OsOSCA1.2 Experimental Dynamics.

To further understand and probe local conformational dynamics of OsOSCA1.2, we used hydrogen/deuterium exchange mass spectrometry (HDXMS). This approach utilizes the exchange that occurs between protons linked to amide bonds and protons or deuterium nuclei from solvent molecules to provide experimental information regarding regional solvent accessibility and dynamics. When a protein is added to a solution containing excess D₂O, hydrogen/deuterium exchange occurs most rapidly for protons that are exposed to solvent and unconstrained by intermolecular hydrogen bonds. Protease digestion and chromatographic separation facilitate the quantification of deuterium nuclei incorporated throughout the protein as measured by mass spectrometry (18). For the hydrogen/deuterium exchange to occur in well-folded regions, a protein must sample exchange-competent conformations that expose amide protons. Thus, the uptake of deuterium over time reflects the local dynamics that individual regions of a protein undergo in solution (19).

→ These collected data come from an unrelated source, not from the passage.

(* For every $n\ge2$, the problem FGP of gathering all robots (including a faulty one) at a single point in the presence of at most one crash fault is unsolvable under the SSYNC scheduler by any algorithm (of any size $\le n$); i.e., its MAS is $\infty$.
   Context: Model. A swarm consists of $n\ge1$ robots $r_1,\dots,r_n$, modeled as points in $\mathbb R^2$. Each robot $r_i$ has a local right-handed $x$-$y$ coordinate system $Z_i$ whose origin is always the robot's current position, with arbitrary (adversarially chosen, fixed) unit length and axis orientation; robots do not share coordinate systems. The configuration at time $t$ is the multiset $P_t$ of the $n$ robot positions (robots can detect multiplicities). A target function $\phi$ maps each finite multiset $P$ of points of $\mathbb R^2$ with $(0,0)\in P$ to a point $\phi(P)\in\mathbb R^2$. Time is discrete, $t=0,1,2,\dots$. Under the semi-synchronous (SSYNC) scheduler, at each time $t$ an adversary chooses a set of robots to activate; each activated robot $r_i$ observes $P_t$ expressed in $Z_i$, evaluates its target function on this multiset, and moves to the resulting point (interpreted in $Z_i$), arriving before time $t+1$; non-activated robots do not move. Schedules are fair: every robot is activated infinitely often. An algorithm of size $m$ is a set $\Phi$ of $m$ distinct target functions ($m\le n$); an assignment is a surjection $\mathcal A$ from the robots onto $\Phi$, robot $r_i$ using $\mathcal A(r_i)$. $\Phi$ solves a problem if for every assignment, every choice of local coordinate systems, every initial configuration and every fair SSYNC schedule, the resulting execution solves the problem. The MAS of a problem is the least $m$ such that some algorithm of size $m$ solves it, and $\infty$ if no algorithm of any size $m\le n$ solves it. Crash faults. The adversary may choose up to $f$ robots to be faulty and, for each, a time from which it crashes: from then on it never moves again (even when activated); before that it behaves correctly. ''Solves under at most $f$ crashes'' quantifies additionally over all such crash patterns. Problem. FGP: starting from any initial configuration, with at most one crashed robot, reach a configuration in which all $n$ robots (faulty ones included) occupy a single point. *)

From Stdlib Require Import Reals List Permutation Arith Bool.
Import ListNotations.
Open Scope R_scope.

Definition pt := (R * R)%type.
Definition origin : pt := (0, 0).

Definition padd (p q : pt) : pt := (fst p + fst q, snd p + snd q).
Definition psub (p q : pt) : pt := (fst p - fst q, snd p - snd q).

(* A local frame is an orientation-preserving similarity (rotation and
   positive scaling), encoded by (a,b) <> (0,0): the local vector q has
   global displacement  (a q1 - b q2, b q1 + a q2)  (complex multiplication
   by a+bi).  The origin of the frame is always the robot's position. *)
Definition frame_ok (f : pt) : Prop := f <> (0, 0).

Definition cmul (f q : pt) : pt :=
  (fst f * fst q - snd f * snd q, snd f * fst q + fst f * snd q).

Definition finv (f : pt) : pt :=
  let d := fst f * fst f + snd f * snd f in (fst f / d, - snd f / d).

Definition to_global (f o q : pt) : pt := padd o (cmul f q).
Definition to_local (f o p : pt) : pt := cmul (finv f) (psub p o).

(* A target function: a function on finite multisets (represented as lists,
   the value being required to depend only on the multiset) that contain
   the origin. *)
Definition target_fun := list pt -> pt.

Definition tf_wellformed (phi : target_fun) : Prop :=
  forall P Q, In origin P -> Permutation P Q -> phi P = phi Q.

Definition tf_distinct (phi psi : target_fun) : Prop :=
  exists P, In origin P /\ phi P <> psi P.

Definition algorithm (m : nat) (phi : nat -> target_fun) : Prop :=
  (forall k, (k < m)%nat -> tf_wellformed (phi k)) /\
  (forall k l, (k < m)%nat -> (l < m)%nat -> k <> l -> tf_distinct (phi k) (phi l)).

Definition assignment (n m : nat) (asg : nat -> nat) : Prop :=
  (forall i, (i < n)%nat -> (asg i < m)%nat) /\
  (forall k, (k < m)%nat -> exists i, (i < n)%nat /\ asg i = k).

(* SSYNC schedule: act t i = robot i activated at time t; fairness. *)
Definition fair (n : nat) (act : nat -> nat -> bool) : Prop :=
  forall i t, (i < n)%nat -> exists t', (t <= t')%nat /\ act t' i = true.

(* Crash pattern with at most one crash: None, or Some (robot j, time c):
   robot j does not move at any time t >= c. *)
Definition crash_ok (n : nat) (cr : option (nat * nat)) : Prop :=
  match cr with None => True | Some (j, _) => (j < n)%nat end.

Definition crashedb (cr : option (nat * nat)) (t i : nat) : bool :=
  match cr with
  | None => false
  | Some (j, c) => andb (Nat.eqb j i) (Nat.leb c t)
  end.

Definition config_list (n : nat) (pos : nat -> pt) : list pt :=
  map pos (seq 0 n).

Fixpoint exec (n : nat) (phi : nat -> target_fun) (asg : nat -> nat)
    (fr : nat -> pt) (init : nat -> pt) (act : nat -> nat -> bool)
    (cr : option (nat * nat)) (t : nat) : nat -> pt :=
  match t with
  | O => init
  | S t' =>
      let pos := exec n phi asg fr init act cr t' in
      fun i =>
        if andb (act t' i) (negb (crashedb cr t' i)) then
          to_global (fr i) (pos i)
            (phi (asg i) (map (to_local (fr i) (pos i)) (config_list n pos)))
        else pos i
  end.

Definition gathered (n : nat) (pos : nat -> pt) : Prop :=
  forall i j, (i < n)%nat -> (j < n)%nat -> pos i = pos j.

Definition solves_FGP (n m : nat) (phi : nat -> target_fun) : Prop :=
  forall asg fr init act cr,
    assignment n m asg ->
    (forall i, (i < n)%nat -> frame_ok (fr i)) ->
    fair n act ->
    crash_ok n cr ->
    exists t, gathered n (exec n phi asg fr init act cr t).

From Stdlib Require Import Reals List Permutation Arith.
From Stdlib Require Import Bool Lia Lra ClassicalEpsilon FunctionalExtensionality.

(* The adversary fixes all frames to the identity, starts from a
   non-gathered configuration, and builds a round-robin schedule that never
   gathers.  At time t it looks at robot r = t mod n and activates, in order
   of preference, only r; or everybody; or, if both of these would gather,
   everybody except r.  The key observation (lemma [step_allbut_fixed]) is
   that in this last case every robot other than r wants to stay where it
   is, so activating them leaves the configuration unchanged.  Hence the
   adversarial run [adv_run] is never gathered.

   If the third case ever occurs, say at time t0, the adversary crashes r
   at t0 and activates everybody from then on: the configuration is frozen
   forever.  Otherwise robot r = t mod n is activated at every time t, so
   the plain run is fair. *)

Section Adversary.

Variables (n : nat) (phi : nat -> target_fun) (asg : nat -> nat) (fr : nat -> pt).

Definition dest (pos : nat -> pt) (i : nat) : pt :=
  to_global (fr i) (pos i)
    (phi (asg i) (map (to_local (fr i) (pos i)) (config_list n pos))).

Definition step (A : nat -> bool) (pos : nat -> pt) : nat -> pt :=
  fun i => if Nat.ltb i n && A i then dest pos i else pos i.

Lemma step_ext (A B : nat -> bool) (pos : nat -> pt) :
  (forall i, A i = B i) -> step A pos = step B pos.
Proof.
  intros HAB. apply functional_extensionality; intro i.
  unfold step. rewrite HAB. reflexivity.
Qed.

Lemma exec_succ (act : nat -> nat -> bool) (cr : option (nat * nat))
    (init : nat -> pt) (t : nat) :
  exec n phi asg fr init (fun t i => Nat.ltb i n && act t i) cr (S t)
  = step (fun i => act t i && negb (crashedb cr t i))
      (exec n phi asg fr init (fun t i => Nat.ltb i n && act t i) cr t).
Proof.
  apply functional_extensionality; intro i.
  unfold step, dest. simpl. rewrite andb_assoc. reflexivity.
Qed.

Definition single (r : nat) : nat -> bool := fun i => Nat.eqb i r.
Definition everyone : nat -> bool := fun _ => true.
Definition allbut (r : nat) : nat -> bool := fun i => negb (Nat.eqb i r).

Lemma step_allbut_fixed (r : nat) (pos : nat -> pt) :
  (r < n)%nat ->
  gathered n (step (single r) pos) -> gathered n (step everyone pos) ->
  step (allbut r) pos = pos.
Proof.
  intros Hr Hsingle Heveryone.
  apply functional_extensionality; intro i. unfold step, allbut.
  destruct (Nat.ltb_spec i n) as [Hi|Hi]; [|reflexivity].
  destruct (Nat.eqb_spec i r) as [->|Hir]; [reflexivity|]. simpl.
  assert (Hpos : pos i = dest pos r).
  { specialize (Hsingle i r Hi Hr). unfold step, single in Hsingle.
    apply Nat.ltb_lt in Hi. apply Nat.eqb_neq in Hir.
    rewrite Hi, Hir, Nat.eqb_refl, (proj2 (Nat.ltb_lt r n) Hr) in Hsingle.
    exact Hsingle. }
  assert (Hdest : dest pos i = dest pos r).
  { specialize (Heveryone i r Hi Hr). unfold step, everyone in Heveryone.
    apply Nat.ltb_lt in Hi.
    rewrite Hi, (proj2 (Nat.ltb_lt r n) Hr) in Heveryone. exact Heveryone. }
  congruence.
Qed.

Definition stuck (t : nat) (pos : nat -> pt) : Prop :=
  gathered n (step (single (t mod n)) pos) /\ gathered n (step everyone pos).

Definition adv_choice (t : nat) (pos : nat -> pt) : nat -> bool :=
  let r := t mod n in
  if excluded_middle_informative (gathered n (step (single r) pos)) then
    if excluded_middle_informative (gathered n (step everyone pos))
    then allbut r else everyone
  else single r.

Lemma adv_choice_stuck (t : nat) (pos : nat -> pt) :
  stuck t pos -> adv_choice t pos = allbut (t mod n).
Proof.
  intros [Hsingle Heveryone]. unfold adv_choice.
  destruct excluded_middle_informative; [|contradiction].
  destruct excluded_middle_informative; [reflexivity|contradiction].
Qed.

Lemma adv_choice_active (t : nat) (pos : nat -> pt) :
  ~ stuck t pos -> adv_choice t pos (t mod n) = true.
Proof.
  intros Hnot. unfold adv_choice.
  destruct excluded_middle_informative as [Hsingle|]; [|apply Nat.eqb_refl].
  destruct excluded_middle_informative as [Heveryone|]; [|reflexivity].
  exfalso. exact (Hnot (conj Hsingle Heveryone)).
Qed.

Lemma adv_step_not_gathered (t : nat) (pos : nat -> pt) :
  (0 < n)%nat -> ~ gathered n pos -> ~ gathered n (step (adv_choice t pos) pos).
Proof.
  intros Hn Hpos. unfold adv_choice.
  destruct excluded_middle_informative as [Hsingle|Hsingle]; [|exact Hsingle].
  destruct excluded_middle_informative as [Heveryone|Heveryone]; [|exact Heveryone].
  rewrite step_allbut_fixed by (auto; apply Nat.mod_upper_bound; lia).
  exact Hpos.
Qed.

Fixpoint adv_run (init : nat -> pt) (t : nat) : nat -> pt :=
  match t with
  | O => init
  | S t' => step (adv_choice t' (adv_run init t')) (adv_run init t')
  end.

Lemma adv_run_not_gathered (init : nat -> pt) (t : nat) :
  (0 < n)%nat -> ~ gathered n init -> ~ gathered n (adv_run init t).
Proof.
  intros Hn Hinit. induction t as [|t IH]; [exact Hinit|].
  apply adv_step_not_gathered; assumption.
Qed.

Lemma crash_schedule_defeats (init : nat -> pt) (t0 : nat) :
  (0 < n)%nat -> ~ gathered n init -> stuck t0 (adv_run init t0) ->
  exists act cr, fair n act /\ crash_ok n cr /\
    forall t, ~ gathered n (exec n phi asg fr init act cr t).
Proof.
  intros Hn Hinit Hstuck.
  set (r0 := t0 mod n).
  set (choice := fun t i =>
         if Nat.leb t0 t then true else adv_choice t (adv_run init t) i).
  set (cr := Some (r0, t0)).
  exists (fun t i => Nat.ltb i n && choice t i), cr.
  assert (Hr0 : (r0 < n)%nat) by (apply Nat.mod_upper_bound; lia).
  assert (Hbefore : forall t, (t <= t0)%nat ->
            exec n phi asg fr init (fun t i => Nat.ltb i n && choice t i) cr t
            = adv_run init t).
  { induction t as [|t IH]; intros Ht; [reflexivity|].
    rewrite exec_succ, IH by lia. simpl. apply step_ext; intro i.
    unfold choice, cr, crashedb.
    destruct (Nat.leb_spec t0 t); [lia|]. rewrite andb_false_r, andb_true_r.
    reflexivity. }
  assert (Hafter : forall k,
            exec n phi asg fr init (fun t i => Nat.ltb i n && choice t i) cr (t0 + k)
            = adv_run init t0).
  { induction k as [|k IH]; [rewrite Nat.add_0_r; apply Hbefore; lia|].
    rewrite Nat.add_succ_r, exec_succ, IH.
    rewrite <- (step_allbut_fixed r0 (adv_run init t0) Hr0) at 2
      by apply Hstuck.
    apply step_ext; intro i. unfold choice, cr, crashedb, allbut.
    destruct (Nat.leb_spec t0 (t0 + k)); [|lia].
    rewrite andb_true_r, (Nat.eqb_sym r0 i). reflexivity. }
  split; [|split].
  - intros i t Hi. exists (t0 + t)%nat. split; [lia|].
    unfold choice. rewrite (proj2 (Nat.ltb_lt i n) Hi).
    destruct (Nat.leb_spec t0 (t0 + t)); [reflexivity|lia].
  - exact Hr0.
  - intros t. destruct (Nat.le_gt_cases t t0) as [Ht|Ht].
    + rewrite Hbefore by exact Ht. apply adv_run_not_gathered; assumption.
    + replace t with (t0 + (t - t0))%nat by lia. rewrite Hafter.
      apply adv_run_not_gathered; assumption.
Qed.

Lemma round_robin_schedule_defeats (init : nat -> pt) :
  (0 < n)%nat -> ~ gathered n init -> (forall t, ~ stuck t (adv_run init t)) ->
  exists act cr, fair n act /\ crash_ok n cr /\
    forall t, ~ gathered n (exec n phi asg fr init act cr t).
Proof.
  intros Hn Hinit Hnever.
  set (choice := fun t i => adv_choice t (adv_run init t) i).
  exists (fun t i => Nat.ltb i n && choice t i), None.
  assert (Hrun : forall t,
            exec n phi asg fr init (fun t i => Nat.ltb i n && choice t i) None t
            = adv_run init t).
  { induction t as [|t IH]; [reflexivity|].
    rewrite exec_succ, IH. simpl. apply step_ext; intro i.
    apply andb_true_r. }
  split; [|split].
  - intros i t Hi. exists (n * t + i)%nat. split; [nia|].
    assert (Hmod : ((n * t + i) mod n)%nat = i).
    { rewrite Nat.mul_comm, Nat.add_comm, Nat.Div0.mod_add.
      apply Nat.mod_small; exact Hi. }
    pose proof (adv_choice_active _ _ (Hnever (n * t + i)%nat)) as Hactive.
    rewrite Hmod in Hactive.
    rewrite (proj2 (Nat.ltb_lt i n) Hi). exact Hactive.
  - exact I.
  - intros t. rewrite Hrun. apply adv_run_not_gathered; assumption.
Qed.

Lemma adversary_prevents_gathering (init : nat -> pt) :
  (0 < n)%nat -> ~ gathered n init ->
  exists act cr, fair n act /\ crash_ok n cr /\
    forall t, ~ gathered n (exec n phi asg fr init act cr t).
Proof.
  intros Hn Hinit.
  destruct (classic (exists t0, stuck t0 (adv_run init t0))) as [[t0 Hstuck]|Hnever].
  - exact (crash_schedule_defeats init t0 Hn Hinit Hstuck).
  - apply round_robin_schedule_defeats; [assumption|assumption|].
    intros t Hstuck. exact (Hnever (ex_intro _ t Hstuck)).
Qed.

End Adversary.

Theorem theoremT4050 :
  forall n : nat, (2 <= n)%nat ->
  forall (m : nat) (phi : nat -> target_fun),
    (1 <= m <= n)%nat -> algorithm m phi -> ~ solves_FGP n m phi.
Proof.
  intros n Hn m phi Hm _ Hsolves.
  set (asg := fun i => if Nat.ltb i m then i else 0%nat).
  set (fr := fun _ : nat => (1, 0) : pt).
  set (init := fun i => if Nat.eqb i 0 then (1, 0) else (0, 0) : pt).
  assert (Hasg : assignment n m asg).
  { split.
    - intros i Hi. unfold asg. destruct (Nat.ltb_spec i m); lia.
    - intros k Hk. exists k. split; [lia|]. unfold asg.
      destruct (Nat.ltb_spec k m); lia. }
  assert (Hfr : forall i, (i < n)%nat -> frame_ok (fr i)).
  { intros i _ E. injection E. lra. }
  assert (Hinit : ~ gathered n init).
  { intros G. specialize (G 0%nat 1%nat ltac:(lia) ltac:(lia)).
    injection G. lra. }
  destruct (adversary_prevents_gathering n phi asg fr init ltac:(lia) Hinit)
    as (act & cr & Hfair & Hcr & Hnever).
  destruct (Hsolves asg fr init act cr Hasg Hfr Hfair Hcr) as [t Ht].
  exact (Hnever t Ht).
Qed.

HDXMS measurements using detergent-solubilized OsOSCA1.2 protein resulted in the identification of 32 peptides, which constitute 34.5% coverage of the molecule (Fig. 3B and SI Appendix, Fig. S4A), including the helical arms that were predicted to dynamically couple to the presumed gating helix TM6 and most likely to be responsible for sensing lateral tension in the membrane. The helix closest to the inner leaflet side of the membrane was covered by 2 peptides (corresponding to residues 244–257 and 245–257). Deuterium incorporation profiles revealed that this region was tightly protected from the exchange, indicative of rigid dynamics or association with a nearby surface (Fig. 3C). The following segment was also covered by 2 peptides (residues 258–279 and 258–286), which correspond to the C-terminal end of the protected helix and a nearby loop in our structure. This region was ∼25% saturated with deuterium nuclei at the earliest measured time point of 1 min, indicating rapid exchange associated with conformational flexibility. The remainder of this segment increased deuterium content by ∼5% over 5 min, suggesting conformational motions that gradually increased exposure to solvent. The helix farther from the membrane was covered by 3 peptides (residues 287–320, 289–320, and 305–320) and similarly displayed rapidly exchanging amides and ongoing deuterium exchange. Mass spectra from peptides corresponding to the unstructured loop and helix farther from the membrane all displayed bimodal deuterium uptake, which was more prominent among peptides corresponding to the loop (SI Appendix, Fig. S4B). The ongoing dynamics stand in sharp contrast to the rigidity of the helix (residues 241–266) closer to the membrane. Despite being spatially and sequentially near each other, these 2 intracellular helices have very different dynamic properties.

Topological Insertion of OSCA in Human Embryonic Kidney tsA201 Cells.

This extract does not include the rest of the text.